(* Fix $T>0$ and a continuous $h>0$ on $[0,T]$, and assume that for every boundary function $s$ on $[0,T]$ the Fixed Boundary Neumann Problem with flux $h$ has a solution $U^s$. Let $\mathcal{R}$ be the Neumann boundary-update operator and $\mathcal{P}^{1/2}(s)=\tfrac12\mathcal{R}(s)+\tfrac12 s$. Let $s^*$ be a boundary function with $\mathcal{R}(s^* )=s^*$ (i.e. $s^*$ is the free boundary of the solution of the Stefan problem with this Neumann condition). If $s$ is a boundary function with $s(t)\le s^*(t)$ for all $t\in[0,T]$, then for all $t\in[0,T]$ $$s-s^*\le \frac{s-s^*}{2}\le \mathcal{P}^{1/2}(s)-s^*\le \frac{\mathcal{R}(s)-s^*}{2}\le \mathcal{R}(s)-s^*.$$ If instead $s(t)\ge s^*(t)$ for all $t\in[0,T]$, then for all $t\in[0,T]$ $$s-s^*\ge \frac{s-s^*}{2}\ge \mathcal{P}^{1/2}(s)-s^*\ge \frac{\mathcal{R}(s)-s^*}{2}\ge \mathcal{R}(s)-s^*.$$
   Context: A boundary function on $[0,T]$ is a function $s\in C([0,T])\cap C^1((0,T])$ with $s(0)=0$ and $s(t)>0$ for $t\in(0,T]$. For such $s$ let $Q_{s,T}=\{(x,t):0<x<s(t),\,0<t<T\}$. The Fixed Boundary Neumann Problem on $s$ with flux $h$ asks for $U\in C(\overline{Q_{s,T}})\cap C^{2,1}(Q_{s,T})$ with $U_x$ continuous on $\overline{Q_{s,T}}\setminus\{t=0\}$ such that $U_t=U_{xx}$ in $Q_{s,T}$, $U(0,0)=0$, $U(s(t),t)=0$, and $-U_x(0,t)=h(t)$; its solution is $U^s$. The Neumann boundary-update operator is $\mathcal{R}(s)(t)=\int_0^t h(z)\,dz-\int_0^{s(t)}U^s(x,t)\,dx$ for $0\le t\le T$. *)

From Stdlib Require Import Reals.
From Coquelicot Require Import Coquelicot.
Open Scope R_scope.

(* derivative of f at x relative to the set D (one-sided at endpoints) *)
Definition is_derive_within (D : R -> Prop) (f : R -> R) (x l : R) : Prop :=
  filterlim (fun y => (f y - f x) / (y - x))
            (within (fun y => D y /\ y <> x) (locally x)) (locally l).

Definition boundary_function (T : R) (s : R -> R) : Prop :=
  continuous_on (fun t => 0 <= t <= T) s /\
  (exists ds : R -> R,
     (forall t, 0 < t <= T -> is_derive_within (fun y => 0 < y <= T) s t (ds t)) /\
     continuous_on (fun t => 0 < t <= T) ds) /\
  s 0 = 0 /\
  (forall t, 0 < t <= T -> 0 < s t).

Definition Qst (s : R -> R) (T : R) (p : R * R) : Prop :=
  0 < fst p < s (snd p) /\ 0 < snd p < T.

Definition Qst_closure (s : R -> R) (T : R) (p : R * R) : Prop :=
  0 <= fst p <= s (snd p) /\ 0 <= snd p <= T.

Definition uncurry (U : R -> R -> R) : R * R -> R := fun p => U (fst p) (snd p).

Definition FBNP_solution (T : R) (h : R -> R) (s : R -> R) (U : R -> R -> R) : Prop :=
  continuous_on (Qst_closure s T) (uncurry U) /\
  exists Ux Uxx Ut : R -> R -> R,
    (forall x t, Qst s T (x, t) ->
       is_derive (fun y => U y t) x (Ux x t) /\
       is_derive (fun y => Ux y t) x (Uxx x t) /\
       is_derive (fun z => U x z) t (Ut x t)) /\
    (forall p, Qst s T p ->
       continuous (uncurry Uxx) p /\ continuous (uncurry Ut) p) /\
    continuous_on (fun p => Qst_closure s T p /\ snd p <> 0) (uncurry Ux) /\
    (forall x t, Qst s T (x, t) -> Ut x t = Uxx x t) /\
    U 0 0 = 0 /\
    (forall t, 0 < t <= T -> U (s t) t = 0) /\
    (forall t, 0 < t <= T -> - Ux 0 t = h t).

+--

◆ **AIM OF THE EXERCISE**: Nothing should appear in the answer except the lines from the one with "(forall p, Qst s T p ->" through the final line of the records, written exactly.

◆ **REPLY**:
    (forall p, Qst s T p ->
       continuous (uncurry Uxx) p /\ continuous (uncurry Ut) p) /\
    continuous_on (fun p => Qst_closure s T p /\ snd p <> 0) (uncurry Ux) /\
    (forall x t, Qst s T (x, t) -> Ut x t = Uxx x t) /\
    U 0 0 = 0 /\
    (forall t, 0 < t <= T -> U (s t) t = 0) /\
    (forall t, 0 < t <= T -> - Ux 0 t = h t).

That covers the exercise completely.